Regulation of pulmonary surfactant by the adhesion GPCR GPR116/ADGRF5 requires a tethered agonist-mediated activation mechanism

Abstract

The mechanistic details of the tethered agonist mode of activation for the adhesion GPCR ADGRF5/GPR116 have not been completely deciphered. We set out to investigate the physiological importance of autocatalytic cleavage upstream of the agonistic peptide sequence, an event necessary for NTF displacement and subsequent receptor activation. To examine this hypothesis, we characterized tethered agonist-mediated activation of GPR116 in vitro and in vivo. A knock-in mouse expressing a non-cleavable GPR116 mutant phenocopies the pulmonary phenotype of GPR116 knock-out mice, demonstrating that tethered agonist-mediated receptor activation is indispensable for function in vivo. Using site-directed mutagenesis and species-swapping approaches, we identified key conserved amino acids for GPR116 activation in the tethered agonist sequence and in extracellular loops 2/3 (ECL2/3). We further highlight residues in transmembrane 7 (TM7) that mediate stronger signaling in mouse versus human GPR116 and recapitulate these findings in a model supporting tethered agonist:ECL2 interactions for GPR116 activation.

Keywords: adhesion GPCR ADGRF5; autocatalytic GPS cleavage; cell biology; human; modeling; mouse; pulmonary surfactant; tethered agonist activation.

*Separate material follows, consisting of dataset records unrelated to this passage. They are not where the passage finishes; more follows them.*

(* The representativity metrics $\rho_1$ and $\rho_\infty$, viewed as set functions $\mathbf{S} \mapsto \rho_1(d)$ and $\mathbf{S}\mapsto\rho_\infty(d)$ on (nonempty) summaries $\mathbf{S}\subseteq\mathbf{W}$ for a fixed workload $\mathbf{W}$ and target distribution $d$, are in general neither monotone nor submodular: there exist a workload and target distribution for which each of $\rho_1$ and $\rho_\infty$ fails to be monotone and fails to be submodular.
   Context: A workload $\mathbf{W}$ is a finite multiset of queries; a summary is $\mathbf{S}\subseteq\mathbf{W}$. There is a finite set $\mathbf{F}$ of features; for each query $q$ and feature $f$, $f(q)$ is a finite multiset of tokens. $f(\mathbf{S}) = \biguplus_{q\in\mathbf{S}} f(q)$, $\mathrm{dom}(\mathbf{S},f)$ is the set of distinct tokens in $f(\mathbf{S})$, $m_{\mathbf{S}}(t,f)$ the multiplicity of $t$ in $f(\mathbf{S})$, $\|\mathbf{S}\| = \sum_{q\in\mathbf{S}}\sum_f|f(q)|$, and $p_{\mathbf{S}}(t) = m_{\mathbf{S}}(t,f)/\|\mathbf{S}\|$ (tokens of distinct features regarded as distinct). For a target distribution $d$ on tokens of $\mathbf{W}$: $\rho_1(d) = 1 - \frac12\sum_f\sum_{t\in\mathrm{dom}(\mathbf{W},f)}|p_{\mathbf{S}}(t)-d(t)|$, $\rho_\infty(d) = 1-\max_f\max_{t\in\mathrm{dom}(\mathbf{W},f)}|p_{\mathbf{S}}(t)-d(t)|$. A set function $g$ is monotone if $A\subseteq B$ implies $g(A)\le g(B)$, and submodular if $g(A)+g(B)\ge g(A\cup B)+g(A\cap B)$. *)

From mathcomp Require Import all_boot all_order all_algebra.
Set Implicit Arguments. Unset Strict Implicit. Unset Printing Implicit Defensive.
Import Order.TTheory GRing.Theory Num.Theory.
Local Open Scope ring_scope.

(* A workload W is a finite multiset of queries: its elements are indexed by a
   finType Q (two copies of the same query are distinct elements of Q), and
   W is the whole of Q.  Features form a
   finType Fe; tokens range over a finType Tok; f(q) is the finite multiset of
   tokens [tok q f] (a sequence, considered up to permutation: only
   multiplicities and sizes are used).  Tokens of distinct features are
   regarded as distinct, so all quantities are indexed by pairs (f, t). *)

Section Repr.
Variables (R : realFieldType) (Q Fe Tok : finType).
Variable tok : Q -> Fe -> seq Tok.

Definition mult (S : {set Q}) (f : Fe) (t : Tok) : nat :=
  (\sum_(q in S) count_mem t (tok q f))%N.

Definition wsize (S : {set Q}) : nat :=
  (\sum_(q in S) \sum_(f : Fe) size (tok q f))%N.

Definition indom (S : {set Q}) (f : Fe) (t : Tok) : bool := (0 < mult S f t)%N.

Definition prob (S : {set Q}) (f : Fe) (t : Tok) : R :=
  (mult S f t)%:R / (wsize S)%:R.

Definition is_target_distr (d : Fe -> Tok -> R) : Prop :=
  (forall f t, 0 <= d f t) /\
  (forall f t, ~~ indom [set: Q] f t -> d f t = 0) /\
  \sum_(f : Fe) \sum_(t | indom [set: Q] f t) d f t = 1.

Definition rho1 (d : Fe -> Tok -> R) (S : {set Q}) : R :=
  1 - 2^-1 * \sum_(f : Fe) \sum_(t | indom [set: Q] f t) `|prob S f t - d f t|.

Definition rhoinf (d : Fe -> Tok -> R) (S : {set Q}) : R :=
  1 - \big[Num.max/0]_(f : Fe) \big[Num.max/0]_(t | indom [set: Q] f t)
        `|prob S f t - d f t|.
End Repr.

Definition monotone_ne (Q : finType) (R : realFieldType) (g : {set Q} -> R) : Prop :=
  forall A B : {set Q}, A != set0 -> A \subset B -> g A <= g B.

Definition submodular_ne (Q : finType) (R : realFieldType) (g : {set Q} -> R) : Prop :=
  forall A B : {set Q}, A :&: B != set0 ->
    g (A :|: B) + g (A :&: B) <= g A + g B.

From mathcomp Require Import all_boot all_order all_algebra.
From mathcomp Require Import ring lra.
Set Implicit Arguments. Unset Strict Implicit. Unset Printing Implicit Defensive.
Import Order.TTheory GRing.Theory Num.Theory.
Local Open Scope ring_scope.

(* Label four queries 0..3 by parity: each contributes one token, its parity,
   to a single feature, and the target is uniform on the two tokens.  The two
   deviations |p_S(t) - 1/2| are then equal, so rho_1 and rho_oo both reduce to
   the balance 1 - |p_S(even) - 1/2| of S.  Balance is not monotone ({0,1} is
   balanced, {0,1,2} is not) and not submodular ({0,2} and {0,1,3} are
   unbalanced, while their union is balanced and their intersection {0} is
   no worse than {0,2}). *)

Lemma big_unit (T : Type) (idx : T) (op : T -> T -> T) (F : unit -> T) :
  \big[op/idx]_(f : unit) F f = op (F tt) idx.
Proof. by rewrite unlock /= /index_enum /= unlock. Qed.

Lemma big_bool_idx (T : Type) (idx : T) (op : T -> T -> T) (F : bool -> T) :
  \big[op/idx]_(t : bool) F t = op (F true) (op (F false) idx).
Proof. by rewrite unlock /= /index_enum /= unlock. Qed.

Section SingleTokenQueries.
Variables (R : realFieldType) (Q : finType) (b : Q -> bool).

Definition bit_tok (q : Q) (f : unit) : seq bool := [:: b q].

Definition half_target (f : unit) (t : bool) : R := 2^-1.

Lemma mult_bit_tok S t : mult bit_tok S tt t = (\sum_(q in S) (b q == t))%N.
Proof. by apply: eq_bigr => q _; rewrite /= addn0. Qed.

Lemma wsize_bit_tok S : wsize bit_tok S = (\sum_(q in S) 1)%N.
Proof. by apply: eq_bigr => q _; rewrite big_unit. Qed.

Lemma mult_bit_tokTF S :
  (mult bit_tok S tt true + mult bit_tok S tt false)%N = wsize bit_tok S.
Proof.
rewrite !mult_bit_tok wsize_bit_tok -big_split.
by apply: eq_bigr => q _; case: (b q).
Qed.

Lemma prob_bit_tokF_dev S :
  `|prob R bit_tok S tt false - 2^-1| = `|prob R bit_tok S tt true - 2^-1| :> R.
Proof.
rewrite /prob; have := mult_bit_tokTF S.
(* For the empty summary both probabilities are the junk value x / 0 = 0. *)
have [-> _ | w_neq0 <-] := eqVneq (wsize bit_tok S) 0%N.
  by rewrite invr0 !mulr0.
have w_gt0 : 0 < (mult bit_tok S tt true + mult bit_tok S tt false)%:R :> R.
  by rewrite ltr0n lt0n mult_bit_tokTF.
rewrite -[RHS]normrN natrD; congr `|_|; field; lra.
Qed.

Hypotheses (b_true : exists q, b q) (b_false : exists q, ~~ b q).

Lemma indom_bit_tok t : indom bit_tok [set: Q] tt t.
Proof.
have [q bq] : exists q, b q == t.
  by case: t; [case: b_true | case: b_false] => q bq; exists q; case: (b q) bq.
by rewrite /indom mult_bit_tok (bigD1 q) //= bq.
Qed.

Lemma rho1_bit_tok S :
  rho1 bit_tok half_target S = 1 - `|prob R bit_tok S tt true - 2^-1|.
Proof.
rewrite /rho1 big_unit addr0.
under eq_bigl do rewrite indom_bit_tok.
rewrite big_bool_idx prob_bit_tokF_dev /half_target; lra.
Qed.

Lemma rhoinf_bit_tok S :
  rhoinf bit_tok half_target S = 1 - `|prob R bit_tok S tt true - 2^-1|.
Proof.
rewrite /rhoinf big_unit.
under eq_bigl do rewrite indom_bit_tok.
rewrite big_bool_idx prob_bit_tokF_dev /half_target.
by rewrite (max_idPl (normr_ge0 _)) maxxx (max_idPl (normr_ge0 _)).
Qed.

Lemma half_target_distr : is_target_distr bit_tok half_target.
Proof.
split; first by move=> f t; rewrite invr_ge0 ler0n.
split; first by move=> [] t; rewrite indom_bit_tok.
rewrite big_unit addr0; under eq_bigl do rewrite indom_bit_tok.
rewrite big_bool_idx /half_target; lra.
Qed.

End SingleTokenQueries.

Definition parity_tok : 'I_4 -> unit -> seq bool :=
  bit_tok (fun q : 'I_4 => ~~ odd q).

Definition ord4_set (s : seq nat) : {set 'I_4} := [set q | val q \in s].

Section ParityWorkload.
Variable R : realFieldType.

Definition parity_balance (S : {set 'I_4}) : R :=
  1 - `|prob R parity_tok S tt true - 2^-1|.

Lemma prob_parity_tok S :
  prob R parity_tok S tt true =
  (\sum_q ((q \in S) && ~~ odd q))%N%:R / (\sum_q (q \in S))%N%:R.
Proof.
rewrite /prob mult_bit_tok wsize_bit_tok.
rewrite [in X in X%:R / _]big_mkcond [in X in _ / X%:R]big_mkcond.
by congr (_%:R / _%:R); apply: eq_bigr => q _; case: (q \in S); rewrite ?eqb_id.
Qed.

Lemma ord4_setS (s1 s2 : seq nat) :
  {subset s1 <= s2} -> ord4_set s1 \subset ord4_set s2.
Proof. by move=> s12; apply/subsetP => q; rewrite !inE; apply: s12. Qed.

Ltac eval_parity_balance :=
  rewrite /parity_balance !prob_parity_tok !big_ord_recr !big_ord0 /= !inE /=;
  rewrite !(add0n, addn0, addn1);
  repeat first [rewrite ger0_norm; last by lra | rewrite ler0_norm; last by lra].

Lemma parity_balance_not_monotone (g : {set 'I_4} -> R) :
  g =1 parity_balance -> ~ monotone_ne g.
Proof.
move=> gE /(_ (ord4_set [:: 0; 1]) (ord4_set [:: 0; 1; 2]))%N.
have A_neq0 : ord4_set [:: 0; 1]%N != set0.
  by apply/set0Pn; exists ord0; rewrite inE.
have AB : ord4_set [:: 0; 1]%N \subset ord4_set [:: 0; 1; 2]%N.
  by apply: ord4_setS; apply/allP.
move=> /(_ A_neq0 AB); rewrite !gE; eval_parity_balance; lra.
Qed.

Lemma parity_balance_not_submodular (g : {set 'I_4} -> R) :
  g =1 parity_balance -> ~ submodular_ne g.
Proof.
move=> gE /(_ (ord4_set [:: 0; 2]) (ord4_set [:: 0; 1; 3]))%N.
have AB_neq0 : ord4_set [:: 0; 2]%N :&: ord4_set [:: 0; 1; 3]%N != set0.
  by apply/set0Pn; exists ord0; rewrite !inE.
move=> /(_ AB_neq0); rewrite !gE; eval_parity_balance; lra.
Qed.

End ParityWorkload.

Theorem lemma4p3 (R : realFieldType) :
  exists (Q Fe Tok : finType) (tok : Q -> Fe -> seq Tok) (d : Fe -> Tok -> R),
    is_target_distr tok d /\
    ~ monotone_ne (rho1 tok d) /\ ~ submodular_ne (rho1 tok d) /\
    ~ monotone_ne (rhoinf tok d) /\ ~ submodular_ne (rhoinf tok d).
Proof.
have even0 : exists q : 'I_4, ~~ odd q by exists ord0.
have odd1 : exists q : 'I_4, ~~ ~~ odd q by exists (inord 1); rewrite inordK.
have rho1E := rho1_bit_tok R even0 odd1.
have rhoinfE := rhoinf_bit_tok R even0 odd1.
exists 'I_4, unit, bool, parity_tok, (half_target R).
split; first exact: (half_target_distr R even0 odd1).
split; first exact: (parity_balance_not_monotone rho1E).
split; first exact: (parity_balance_not_submodular rho1E).
split; first exact: (parity_balance_not_monotone rhoinfE).
exact: (parity_balance_not_submodular rhoinfE).
Qed.
Lemma commute_homog_down y ga :
  homogeneous (phi (k - 1) y) ga -> in_ideal (RU C d) (eprime C d i y) ->
  nceqmod (RA C d) (ncmul (phi (k - 1) y) (ncword [:: (i, k)]))
    (ncscale (q ^ (- rform C d (wt_word [:: (i, k)]) ga))
             (ncmul (ncword [:: (i, k)]) (phi (k - 1) y))).
Proof.
move=> y_homog eprime_y_eq0; set Q0 := q ^ _.
have Q_const v : nccoef y v != 0 -> comm_factor C d i v = Q0.
  move=> v_supp; symmetry; apply: qpow_wt_form (parity_sign_subz1 k) _ => a.
  by apply: y_homog; rewrite nccoef_phi.
apply: nceqmod_trans (nceqmod_trans _ (nceqmod_lin_homog commute_word_down Q_const)) _.
  apply/ncequiv_eqmod/ncequivP => G; rewrite ncpair_mulr ncpair_phi ncpair_lin.
  by apply: eq_ncpair => v; rewrite ncpair_word.
have := in_ideal_scale (qcorr d i * Q0) (in_ideal_phi (k - 1) eprime_y_eq0).
move=> /(nceqmod_catr_ideal (ncscale Q0 (ncmul (ncword [:: (i, k)]) (phi (k - 1) y)))).
apply: nceqmod_trans; apply/ncequiv_eqmod/ncequivP => G.
rewrite !ncpair_cat !ncpair_scale ncpair_mull !ncpair_lin !ncpair_phi ncpair_lin.
by congr (_ * _ + _ * _); apply: eq_ncpair => v; rewrite ?ncpair_word ?ncpair_phi.
Qed.

End Commutation.

Theorem lemma6p2 (I : finType) (C : I -> I -> int) (d : I -> nat)
  (hC : is_finite_cartan C d) (i : I) (k : int) :
  (* (i) u = phi_{k+1}(x) in \hat A_[k+1], homogeneous of weight ga, e*_i(u) = 0 *)
  (forall (x : ncpoly I) (ga : I -> int),
     homogeneous (phi (k + 1) x) ga ->
     in_ideal (RU C d) (estar C d i x) ->
     nceqmod (RA C d)
       (ncmul (ncword [:: (i, k)]) (phi (k + 1) x))
       (ncscale (q ^ (- rform C d (wt_word [:: (i, k)]) ga))
                (ncmul (phi (k + 1) x) (ncword [:: (i, k)]))))
  /\
  (* (ii) v = phi_{k-1}(y) in \hat A_[k-1], homogeneous of weight ga, e'_i(v) = 0 *)
  (forall (y : ncpoly I) (ga : I -> int),
     homogeneous (phi (k - 1) y) ga ->
     in_ideal (RU C d) (eprime C d i y) ->
     nceqmod (RA C d)
       (ncmul (phi (k - 1) y) (ncword [:: (i, k)]))
       (ncscale (q ^ (- rform C d (wt_word [:: (i, k)]) ga))
                (ncmul (ncword [:: (i, k)]) (phi (k - 1) y)))).
Proof.
have Cii := cartan_diag hC i.
have C_sym := cartan_symmetrizable hC.
by split=> [x ga | y ga]; [apply: commute_homog_up | apply: commute_homog_down].
Qed.
(* Assume $\sigma_1(x)=\tfrac12\sigma_1''(0)(x-a_1)(x-b_1)$ and $\sigma_2(x)=\tfrac12\sigma_2''(0)(x-a_2)(x-b_2)$ with $\sigma_1''(0)\ne0$, $\sigma_2''(0)\ne0$ and real zeros satisfying $a_1<0<a_2\le b_2<b_1$, and assume $q^2\Lambda_q<0$, where $\Lambda_q=q^{-2}\Big[1+\frac{(1-q^{-1})\tau'(0)}{\frac12\sigma_1''(0)}\Big]$. Put $a=b_2$ and $b=q^{-1}b_1$, and suppose $q^{-N-1}a=b$ for some $N\in\mathbb{N}_0$. Let $$\rho(x)=|x|^{\iota}\frac{(qa/x,\,x/b;q)_\infty}{(a_1/x,\,x/a_2;q)_\infty},\qquad q^{\iota}=\frac{q^{-3}\sigma_2''(0)a_2}{\sigma_1''(0)b}.$$ Then there exist polynomials $P_0,\dots,P_N$, with $P_n$ of degree $n$ a solution of the q-EHT with $\lambda=\lambda_n$, and nonzero constants $d_n^2$, such that for $m,n\in\{0,\dots,N\}$ $$\int_a^{b}P_n(x)P_m(x)\rho(x)\,d_{q^{-1}}x=d_n^2\delta_{mn},$$ i.e. the $P_n$ are orthogonal with respect to $\rho$ supported on $\{q^{-k}a\}_{k=0}^N$.
   Context: Throughout $0<q<1$. For a function $y$ and $\zeta\in\{q,q^{-1}\}$, $D_\zeta y(x)=\frac{y(x)-y(\zeta x)}{(1-\zeta)x}$ for $x\ne0$ and $D_\zeta y(0)=y'(0)$; $[n]_q=\frac{1-q^n}{1-q}$. Let $\sigma_1$ be a real polynomial of degree at most two, $\tau(x)=\tau'(0)x+\tau(0)$ a real polynomial with $\tau'(0)\ne0$, and $\sigma_2(x):=q[\sigma_1(x)+(1-q^{-1})x\tau(x)]$. The q-EHT with parameter $n$ is $\sigma_1(x)D_{q^{-1}}D_qy(x)+\tau(x)D_qy(x)+\lambda_ny(x)=0$, $\lambda_n=-[n]_q\big(\tau'(0)+\tfrac12[n-1]_{q^{-1}}\sigma_1''(0)\big)$. $(\alpha;q)_\infty=\prod_{k\ge0}(1-\alpha q^k)$, $(\alpha_1,\dots,\alpha_r;q)_\infty=\prod_i(\alpha_i;q)_\infty$. For an exponent defined by $q^{\iota}=c$ ($c\ne0$), $\iota$ is any complex number with $e^{\iota\ln q}=c$, and $|x|^{\iota}:=e^{\iota\ln|x|}$. For $a>0$ and $b=q^{-N-1}a$, the $q^{-1}$-Jackson integral is $\int_a^{b}f(x)\,d_{q^{-1}}x=(q^{-1}-1)a\sum_{k=0}^{N}q^{-k}f(q^{-k}a)$. *)

From Stdlib Require Import Reals.
From Coquelicot Require Import Coquelicot.
Open Scope R_scope.

Definition cexp (z : C) : C :=
  (exp (Re z) * cos (Im z), exp (Re z) * sin (Im z)).

Definition cpow_abs (x : R) (iota : C) : C :=
  cexp (Cmult iota (RtoC (ln (Rabs x)))).

Fixpoint qpoch_fin (alpha q : R) (n : nat) : R :=
  match n with
  | O => 1
  | S n' => qpoch_fin alpha q n' * (1 - alpha * q ^ n')
  end.
Definition qpoch_inf (alpha q : R) : R := real (Lim_seq (qpoch_fin alpha q)).

Definition Dz (zeta : R) (y : R -> R) (x : R) : R :=
  if Req_EM_T x 0 then Derive y 0
  else (y x - y (zeta * x)) / ((1 - zeta) * x).

Definition qnum (q : R) (n : Z) : R := (1 - powerRZ q n) / (1 - q).

Definition sigma1 (s0 s1 s2 : R) (x : R) : R := s2 * x ^ 2 + s1 * x + s0.
Definition tau (t0 t1 : R) (x : R) : R := t1 * x + t0.
Definition sigma2 (q s0 s1 s2 t0 t1 : R) (x : R) : R :=
  q * (sigma1 s0 s1 s2 x + (1 - / q) * x * tau t0 t1 x).

Definition lambda_n (q s0 s1 s2 t1 : R) (n : nat) : R :=
  - qnum q (Z.of_nat n)
    * (t1 + / 2 * qnum (/ q) (Z.of_nat n - 1) * Derive_n (sigma1 s0 s1 s2) 2 0).

Definition solves_qEHT (q s0 s1 s2 t0 t1 lam : R) (y : R -> R) : Prop :=
  forall x : R,
    sigma1 s0 s1 s2 x * Dz (/ q) (Dz q y) x + tau t0 t1 x * Dz q y x + lam * y x = 0.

Figure 1.. Generation and validation of a non-cleavable GPR116 mutant H991A.

(A) Schematic representation of the H991A mutation in GPR116, details of the sequence at the protein level and gene references. (B) Transient expression of V5-tagged H991A in HEK293 cells shows no cleavage at the GPS site by Western blot compared to the wild-type receptor; membrane localization by V5 immunocytochemistry shows similar localization of WT-V5 and H991A-V5. NTF, non-transfected control. Asterisk denotes non-specific band. Scale bars = 25 µm. See also Figure 1—source data 1. (C, D) Functional characterization of mouse GPR116 H991A in calcium transient assays (C) and in IP accumulation assays (D), using GAP16, GAP10, or scrambled peptide (SCR16) as the stimulus (n = 3 independent experiments performed with n = 1 technical replicate for C and n = 2 technical replicates per group for D). Data are expressed as mean ± SD (one-way ANOVA for C and D). ns, not significant.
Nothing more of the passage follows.